Hydrocracker catalysts are carefully optimized for selectivity vs. activity, balancing these properties to achieve high efficiency in refining processes. These catalysts typically consist of three key ingredients: amorphous Si/Al, crystalline Si/Al, and base metals. To accelerate the formulation process, a combination of Generative AI, Design of Experiment and optimization models is employed:

LLM Fine-tuning for Knowledge Retrieval:

The first step involves fine-tuning a Large Language Model (LLM) on domain-specific documents and research papers related to catalyst formulation. This accelerates the knowledge retrieval process, allowing experts to quickly explore various ingredient combinations. By integrating historical data, the LLM can suggest optimal ratios of amorphous Si/Al, crystalline Si/Al, and base metals, while rejecting infeasible combinations early in the process. This dramatically reduces the time spent on trial-and-error formulations.

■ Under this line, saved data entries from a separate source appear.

Lemma trap_nonneg_shrink x : trap x -> 0 <= fst x ->
  exists k, trap (iterM g r k x) /\ fst (iterM g r k x) = r * fst x.
Proof.
  destruct x as [u v]. simpl. intros Hx Hu.
  pose proof (trap_invariant _ Hx) as Hx'.
  destruct Hx as [[h [h1 h2]]|[h _]]; simpl in h; [|lra]. unfold cval in h1; simpl in h1.
  destruct (Rle_dec (1/2) (r * (g*u + v))) as [H|H].
  - rewrite Mmap_nonneg_kick in Hx' by assumption.
    destruct (trap_neg_climb _ Hx' ltac:(simpl; nra)) as [k [Hk1 [Hk2 _]]].
    exists (S k). rewrite iterM_S, Mmap_nonneg_kick by assumption.
    split; [exact Hk1|]. rewrite Hk2. simpl. ring.
  - exists 1%nat. simpl. rewrite Mmap_nonneg_quiet in * by lra. split; [exact Hx'|reflexivity].
Qed.

Lemma trap_reach_small k x : trap x ->
  exists n, trap (iterM g r n x) /\ 0 <= fst (iterM g r n x) <= r ^ k.
Proof.
  intro Hx. induction k as [|k [n [Hn1 Hn2]]].
  - destruct (Rle_dec 0 (fst x)) as [Hu|Hu].
    + exists 0%nat. simpl. split; [exact Hx|]. destruct Hx as [[h _]|[h _]]; lra.
    + destruct (trap_neg_climb x Hx ltac:(lra)) as [k [Hk1 [Hk2 _]]].
      assert (-1 <= fst x) by (destruct Hx as [[h _]|[h _]]; lra).
      exists k. simpl. split; [exact Hk1|lra].
  - destruct (trap_nonneg_shrink _ Hn1 (proj1 Hn2)) as [k' [H1 H2]].
    exists (k' + n)%nat. rewrite iterM_add. split; [exact H1|]. rewrite H2. simpl.
    split; [nra|]. apply Rmult_le_compat_l; lra.
Qed.

(* On [quiet] states [Mmap] acts as the linear map [x |-> Amap (r x)]. *)
Definition quiet (x : R * R) : Prop :=
  trap x /\ 0 <= fst x <= (1 - r) / 4 /\ r * cval g x < 1/2.

(* A kick followed by the climb back to [u >= 0] lowers [cval] by at least [1/2]. *)
Lemma quiet_reach_bounded N x : trap x -> 0 <= fst x <= (1 - r) / 4 ->
  cval g x <= INR N / 2 -> exists k, quiet (iterM g r k x).
Proof.
  revert x. induction N as [|N IH]; intros [u v] Hx Hu Hs; simpl fst in *.
  - exists 0%nat. refine (conj Hx (conj Hu _)). simpl in Hs.
    assert (r * cval g (u, v) <= r * 0) by (apply Rmult_le_compat_l; lra). simpl. lra.
  - destruct (Rlt_dec (r * cval g (u, v)) (1/2)) as [H|H].
    { exists 0%nat. exact (conj Hx (conj Hu H)). }
    pose proof (trap_invariant _ Hx) as Hx'.
    rewrite S_INR in Hs. unfold cval in H, Hs; simpl in H, Hs.
    rewrite Mmap_nonneg_kick in Hx' by lra.
    destruct (trap_neg_climb _ Hx' ltac:(simpl; nra)) as [k [Hk1 [Hk2 Hk3]]].
    unfold cval at 2 in Hk3. simpl fst in Hk2, Hk3. simpl snd in Hk3.
    assert (0 < g*u + v) by nra.
    assert (r*(g*u + v) <= g*u + v) by nra.
    destruct (IH _ Hk1 ltac:(rewrite Hk2; nra) ltac:(nra)) as [k' Hk'].
    exists (k' + (k + 1))%nat. rewrite !iterM_add. simpl iterM at 2.
    rewrite Mmap_nonneg_kick by lra. exact Hk'.
Qed.

Lemma quiet_reach x : trap x -> 0 <= fst x <= (1 - r) / 4 -> exists k, quiet (iterM g r k x).
Proof.
  intros Hx Hu. destruct (INR_unbounded (2 * cval g x)) as [N HN].
  apply (quiet_reach_bounded N); [exact Hx|exact Hu|lra].
Qed.

Definition lyap (x : R * R) : R := (1 - r) * Rabs (cval g x) + 2 * fst x.
Lemma inner_inf_le_maximin b s : D b -> 0 <= s <= 1 -> inner_inf b s <= maximin b.
Proof.
move=> Db s01; apply: ub_le_sup; last by exists s => //; rewrite /= in_itv.
have diag_cont : {within `[0, 1], continuous (fun s => P b s s)}.
  apply: continuous_subspaceT => x; apply: ball_continuous => e /(P_ball x x Db)[r r0 H].
  by exists r => // y xy; apply: H; rewrite ?subrr ?normr0.
have [m _ mmax] := EVT_max ler01 diag_cont.
exists (P b m m) => _ [s' /= /[!in_itv]/= s'01 <-].
apply: le_trans (inner_inf_le Db s'01 _) (mmax _ _); last by rewrite in_itv.
by rewrite lexx andbT; case/andP: (lo_bounds Db s'01).
Qed.

Lemma maximin_le b x : (forall s, 0 <= s <= 1 -> inner_inf b s <= x) -> maximin b <= x.
Proof.
move=> H; apply: ge_sup.
  by exists (inner_inf b 0), 0 => //; rewrite /= in_itv /= lexx ler01.
by move=> _ [s /= /[!in_itv]/= /H ? <-].
Qed.

Lemma P00_le_maximin b : D b -> P b 0 0 <= maximin b.
Proof.
have s01 : 0 <= (0 : R) <= 1 by rewrite lexx ler01.
move=> Db; have [t /andP[lot t0] [It _]] := inner_inf_min Db s01.
have /andP[lo0 _] := lo_bounds Db s01.
have t_eq0 : t = 0 by apply/eqP; rewrite eq_le t0 (le_trans lo0 lot).
by rewrite t_eq0 in It; rewrite -It inner_inf_le_maximin.
Qed.

Lemma maximin_gt b x : x < maximin b -> exists2 s, 0 <= s <= 1 & x < inner_inf b s.
Proof.
move=> /sup_gt[|_ [s /= /[!in_itv]/= s01 <-]]; last by exists s.
by exists (inner_inf b 0), 0 => //; rewrite /= in_itv /= lexx ler01.
Qed.

Variable b0 : R.
Hypothesis Db0 : D b0.

Lemma inner_inf_lsc s : 0 <= s <= 1 ->
  (forall e, 0 < e -> exists2 r, 0 < r &
     forall b, `|b0 - b| < r -> D b -> lo b0 s - e < lo b s) ->
  forall e, 0 < e -> exists2 r, 0 < r & forall b, `|b0 - b| < r -> D b ->
    inner_inf b0 s - e < inner_inf b s.
Proof.
move=> s01 lo_lsc e e0.
pose Q b t := D b -> lo b s <= t <= s -> inner_inf b0 s - e < P b s t.
have [|r r0 H] := @compact_near_ball _ `[0, 1] Q b0 (@segment_compact _ 0 1).
  move=> x; rewrite /= in_itv /= => x01.
  have [xlo|lox] := ltP x (lo b0 s).
    have [r r0 H] := lo_lsc ((lo b0 s - x) / 2) ltac:(lra).
    exists (Num.min r ((lo b0 s - x) / 2)); first by rewrite lt_min r0 /=; lra.
    move=> b y; rewrite !lt_min => /andP[/H{}H _] /andP[_ /ltr_distlCDr ?] _.
    by move=> /H ? /andP[? _]; lra.
  have [sx|xs] := ltP s x.
    exists (x - s); first lra.
    by move=> b y _; rewrite ltr_distlC => /andP[? _] _ _ /andP[_ ?]; lra.
  have [r r0 H] := P_ball s x Db0 e0.
  exists r => // b y bb xy _ Db yI.
  have xI : lo b0 s <= x <= s by rewrite lox xs.
  have := inner_inf_le Db0 s01 xI.
  have := H b s y bb; rewrite subrr normr0 => /(_ r0 xy).
  by rewrite ltr_norml => /andP[_ ?]; lra.
exists r => // b bb Db.
have [t tI [-> _]] := inner_inf_min Db s01.
apply: H => //; rewrite /= in_itv /=.
by case/andP: (lo_bounds Db s01) tI => ? ? /andP[? ?]; apply/andP; split; lra.
Qed.

Lemma maximin_lsc :
  (forall s, 0 <= s <= 1 -> forall e, 0 < e -> exists2 r, 0 < r &
     forall b, `|b0 - b| < r -> D b -> lo b0 s - e < lo b s) ->
  forall e, 0 < e -> exists2 r, 0 < r & forall b, `|b0 - b| < r -> D b ->
    maximin b0 - e < maximin b.
Proof.
move=> lo_lsc e e0.
have [s s01 se] : exists2 s, 0 <= s <= 1 & maximin b0 - e / 2 < inner_inf b0 s.
  by apply: maximin_gt; lra.
have e2 : 0 < e / 2 by lra.
have [r r0 H] := inner_inf_lsc s01 (lo_lsc s s01) e2.
exists r => // b bb Db; have := H b bb Db.
have := inner_inf_le_maximin Db s01; lra.
Qed.

Lemma inner_inf_usc x : 0 <= x <= 1 ->
  (forall e, 0 < e -> exists2 r, 0 < r & forall b s, `|b0 - b| < r -> `|x - s| < r ->
     D b -> 0 <= s <= 1 -> lo b s < lo b0 x + e) ->
  forall e, 0 < e -> exists2 r, 0 < r & forall b s, `|b0 - b| < r -> `|x - s| < r ->
    D b -> 0 <= s <= 1 -> inner_inf b s < inner_inf b0 x + e.
Proof.
move=> x01 lo_usc e e0.
have [t /andP[lot tx] [It _]] := inner_inf_min Db0 x01.
have [r r0 H] := P_ball x t Db0 e0.
have [r' r'0 H'] := lo_usc (r / 2) ltac:(lra).
exists (Num.min (r / 2) r'); first by rewrite lt_min r'0 andbT; lra.
move=> b s; rewrite !lt_min => /andP[bb /H'{}H'] /andP[xs /H'{}H'] Db s01.
have {}H' := H' Db s01; have /andP[_ los] := lo_bounds Db s01.
suff [t' t'I tt'] : exists2 t', lo b s <= t' <= s & `|t - t'| < r.
  apply: le_lt_trans (inner_inf_le Db s01 t'I) _.
  have := H b s t' ltac:(lra) ltac:(lra) tt'.
  by rewrite It ltr_norml => /andP[? _]; lra.
move: xs; rewrite ltr_distlC => /andP[xs _].
(* Clamp the minimiser [t] of the limit problem into [[lo b s, s]]. *)
have [tlo|lot'] := ltP t (lo b s).
  exists (lo b s); first by rewrite lexx.
  by rewrite ltr_distlC; apply/andP; split; lra.
have [st|ts] := ltP s t.
  exists s; first by rewrite los lexx.
  by rewrite ltr_distlC; apply/andP; split; lra.
by exists t; rewrite ?lot' ?ts // subrr normr0.
Qed.

Lemma maximin_usc :
  (forall x, 0 <= x <= 1 -> forall e, 0 < e -> exists2 r, 0 < r & forall b s,
     `|b0 - b| < r -> `|x - s| < r -> D b -> 0 <= s <= 1 ->
     inner_inf b s < maximin b0 + e) ->
  forall e, 0 < e -> exists2 r, 0 < r & forall b, `|b0 - b| < r -> D b ->
    maximin b <= maximin b0 + e.
Proof.
move=> inner_usc e e0.
pose Q b s := D b -> inner_inf b s < maximin b0 + e.
have [|r r0 H] := @compact_near_ball _ `[0, 1] Q b0 (@segment_compact _ 0 1).
  move=> x; rewrite /= in_itv /= => x01; have [r r0 H] := inner_usc x x01 e e0.
  by exists r => // b s bb xs; rewrite /= in_itv /= => s01 Db; exact: H.
exists r => // b bb Db; apply: maximin_le => s s01.
by apply/ltW/H => //; rewrite /= in_itv.
Qed.
(* Every Ehrhart fan is balanced: if $\Sigma$ is an Ehrhart fan of dimension $d$, then for every $\tau\in\Sigma(d-1)$, \[ \sum_{\sigma\in\Sigma(d),\ \tau\subseteq\sigma}u_{\sigma(1)\setminus\tau(1)}\in\mathrm{span}_\mathbb{R}(\tau), \] where $u_{\sigma(1)\setminus\tau(1)}$ denotes the primitive generator of the unique ray of $\sigma$ not in $\tau$.
   Context: $N$ is a free abelian group, $N_\mathbb{R}=N\otimes\mathbb{R}$, $M=\mathrm{Hom}(N,\mathbb{Z})$ viewed as integral linear functions. $\Sigma(k)$ denotes the set of $k$-dimensional cones of a fan $\Sigma$. A fan is unimodular if it contains the origin and for each cone the primitive ray generators $u_\rho\in N$ extend to a $\mathbb{Z}$-basis of $N$. $\mathrm{PL}(\Sigma)$: functions on $|\Sigma|$ agreeing on each cone with some element of $M$; $\underline{\mathrm{PL}}(\Sigma)$ its quotient by restrictions of elements of $M$. Courant function $\delta_\rho$: $1$ at $u_\rho$, $0$ at other ray generators. Star fan $\Sigma^\sigma$: image in $N_\mathbb{R}/\mathrm{span}(\sigma)$ (lattice $N/\mathrm{Span}_\mathbb{Z}(\sigma\cap N)$) of all cones that are faces of cones containing $\sigma$; $[f]^\sigma$ is the class of the function induced by $f-m$, $m\in M$ agreeing with $f$ on $\sigma$. A unimodular fan $\Sigma$ is Ehrhart (recursively on dimension) if (1) $\Sigma^\rho$ is Ehrhart for every ray $\rho$, and (2) there is $\chi_\Sigma:\underline{\mathrm{PL}}(\Sigma)\to\mathbb{Z}$ with $\chi_\Sigma(0)=1$ and $\chi_\Sigma([f])=\chi_\Sigma([f-\delta_\rho])+\chi_{\Sigma^\rho}([f]^\rho)$ for all $f\in\mathrm{PL}(\Sigma)$, $\rho\in\Sigma(1)$. Zero-dimensional fans are Ehrhart with $\chi=1$. *)

(* A unimodular fan in N = Z^n is encoded by its finite set of
   cones, each cone being given by the finite set of primitive generators of its
   rays (a unimodular cone is simplicial, so this determines it). *)
From HB Require Import structures.
From mathcomp Require Import all_boot all_order all_algebra.
From mathcomp Require Import finmap.
From mathcomp Require Import reals.
Set Implicit Arguments. Unset Strict Implicit. Unset Printing Implicit Defensive.
Import Order.TTheory GRing.Theory Num.Theory.
Local Open Scope ring_scope.
Local Open Scope fset_scope.

Section Fans.
Variables (R : realType) (n : nat).

Local Notation vec := 'rV[int]_n.
Local Notation cone := {fset vec}.
Local Notation fan := {fset {fset vec}}.

Definition toR (u : vec) : 'rV[R]_n := map_mx (fun z : int => z%:~R) u.

(* pairing of m in M = Hom(N,Z) (written in coordinates) with x in N_R *)
Definition pairZ (m : vec) (x : 'rV[R]_n) : R := \sum_i (m 0 i)%:~R * x 0 i.

Definition in_cone (C : cone) (x : 'rV[R]_n) : Prop :=
  exists a : vec -> R, (forall u, 0 <= a u) /\ x = \sum_(u <- C) a u *: toR u.

Definition in_span (C : cone) (x : 'rV[R]_n) : Prop :=
  exists a : vec -> R, x = \sum_(u <- C) a u *: toR u.

(* unimodular fan: contains the origin (empty cone), closed under faces,
   two cones meet in a common face, and the generators of every cone extend
   to a Z-basis of N (rows of a unimodular integer matrix) *)
Definition unimodular_fan (S : fan) : Prop :=
  [/\ fset0 \in S,
      (forall C D : cone, C \in S -> D `<=` C -> D \in S),
      (forall C D : cone, C \in S -> D \in S ->
         forall x, in_cone C x -> in_cone D x -> in_cone (C `&` D) x) &
      (forall C : cone, C \in S -> exists B : 'M[int]_n,
         B \in unitmx /\ forall u, u \in C -> exists i, row i B = u)].

Definition fan_dim (S : fan) (d : nat) : Prop :=
  (exists2 C, C \in S & #|` C| = d) /\ (forall C, C \in S -> (#|` C| <= d)%N).

(* The star fan S^T (T \in S) lives in N_R / span(T) with
   lattice N / Span_Z(T).  We represent it through pull-backs to N_R:
   - its cones are the images of the cones C \in S with T `<=` C;
   - its rays are the images of the u \notin T with T `|` [fset u] \in S;
   - integral linear functions on N / Span_Z(T) are the m \in M vanishing on T;
   - a function on its support is pulled back to a function on
     the union of the sets cone(C) + span(T), C \in S, T `<=` C. ----- *)

Definition star_support (S : fan) (T : cone) (x : 'rV[R]_n) : Prop :=
  exists C, [/\ C \in S, T `<=` C &
    exists y z, [/\ in_cone C y, in_span T z & x = (y + z)%R]].

Definition vanishes_on (m : vec) (T : cone) : Prop :=
  forall s, s \in T -> pairZ m (toR s) = 0.

Definition isPL (S : fan) (T : cone) (g : 'rV[R]_n -> R) : Prop :=
  forall C, C \in S -> T `<=` C ->
    exists m : vec, vanishes_on m T /\
      forall y z, in_cone C y -> in_span T z -> g (y + z)%R = pairZ m (y + z)%R.

(* equality in the quotient \underline{PL}(S^T) = PL(S^T) / M(S^T) *)
Definition PL_equiv (S : fan) (T : cone) (g g' : 'rV[R]_n -> R) : Prop :=
  exists m : vec, vanishes_on m T /\
    forall x, star_support S T x -> g x - g' x = pairZ m x.

Definition is_ray (S : fan) (T : cone) (u : vec) : Prop :=
  u \notin T /\ T `|` [fset u] \in S.

Definition is_courant (S : fan) (T : cone) (u : vec) (delta : 'rV[R]_n -> R) :=
  [/\ isPL S T delta, delta (toR u) = 1 &
      forall v, is_ray S T v -> v != u -> delta (toR v) = 0].

(* h represents [g]^u : the class, in PL((S^T)^u) = PL(S^(T u {u})), of the
   function induced by g - m, where m is integral linear on N/Span_Z(T)
   agreeing with g on the ray u *)
Definition is_star_restriction (S : fan) (T : cone) (u : vec)
    (g h : 'rV[R]_n -> R) : Prop :=
  isPL S (T `|` [fset u]) h /\
  exists m : vec, [/\ vanishes_on m T, pairZ m (toR u) = g (toR u) &
    forall C, C \in S -> T `|` [fset u] `<=` C ->
      forall x, in_cone C x -> h x = g x - pairZ m x].

Definition chi_axioms (S : fan) (T : cone)
    (chiT : ('rV[R]_n -> R) -> int) (chi_star : vec -> ('rV[R]_n -> R) -> int)
    : Prop :=
  [/\ (* chi_T is a function on \underline{PL}(S^T) *)
      (forall g g', isPL S T g -> isPL S T g' -> PL_equiv S T g g' ->
         chiT g = chiT g'),
      chiT (fun _ => 0) = 1 &
      forall g, isPL S T g -> forall u, is_ray S T u ->
        forall delta, is_courant S T u delta ->
        forall h, is_star_restriction S T u g h ->
          chiT g = (chiT (fun x => g x - delta x) + chi_star u h)%R].

(* Unfolding the recursive definition (the star fans of star
   fans of S are the S^T, T \in S, and chi of each is uniquely determined),
   S is Ehrhart iff there is a compatible family of functions chi_{S^T}. *)
Definition ehrhart (S : fan) : Prop :=
  exists chi : cone -> ('rV[R]_n -> R) -> int,
    forall T, T \in S -> chi_axioms S T (chi T) (fun u => chi (T `|` [fset u])).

Hypothesis Generation with DOE and AI Validation:

The next step is hypothesis generation through Design of Experiments (DOE), where multiple combinations of the catalyst ingredients are generated. The LLM, fine-tuned for the catalyst domain, is then used to assess these combinations, eliminating infeasible hypotheses before they move forward to experimental validation. This AI-driven pre-screening ensures that only the most promising formulations are tested, saving time and resources.

Optimization Model for Selectivity and Activity:

To fine-tune the catalyst for optimal selectivity and activity, historical experimental data is utilized to build an optimization model. This model considers previous test results and the properties of the ingredients, helping to refine the formulation process. The goal is to achieve the best balance between selectivity and activity, ensuring that the catalyst performs efficiently under the specific conditions of hydrocracking.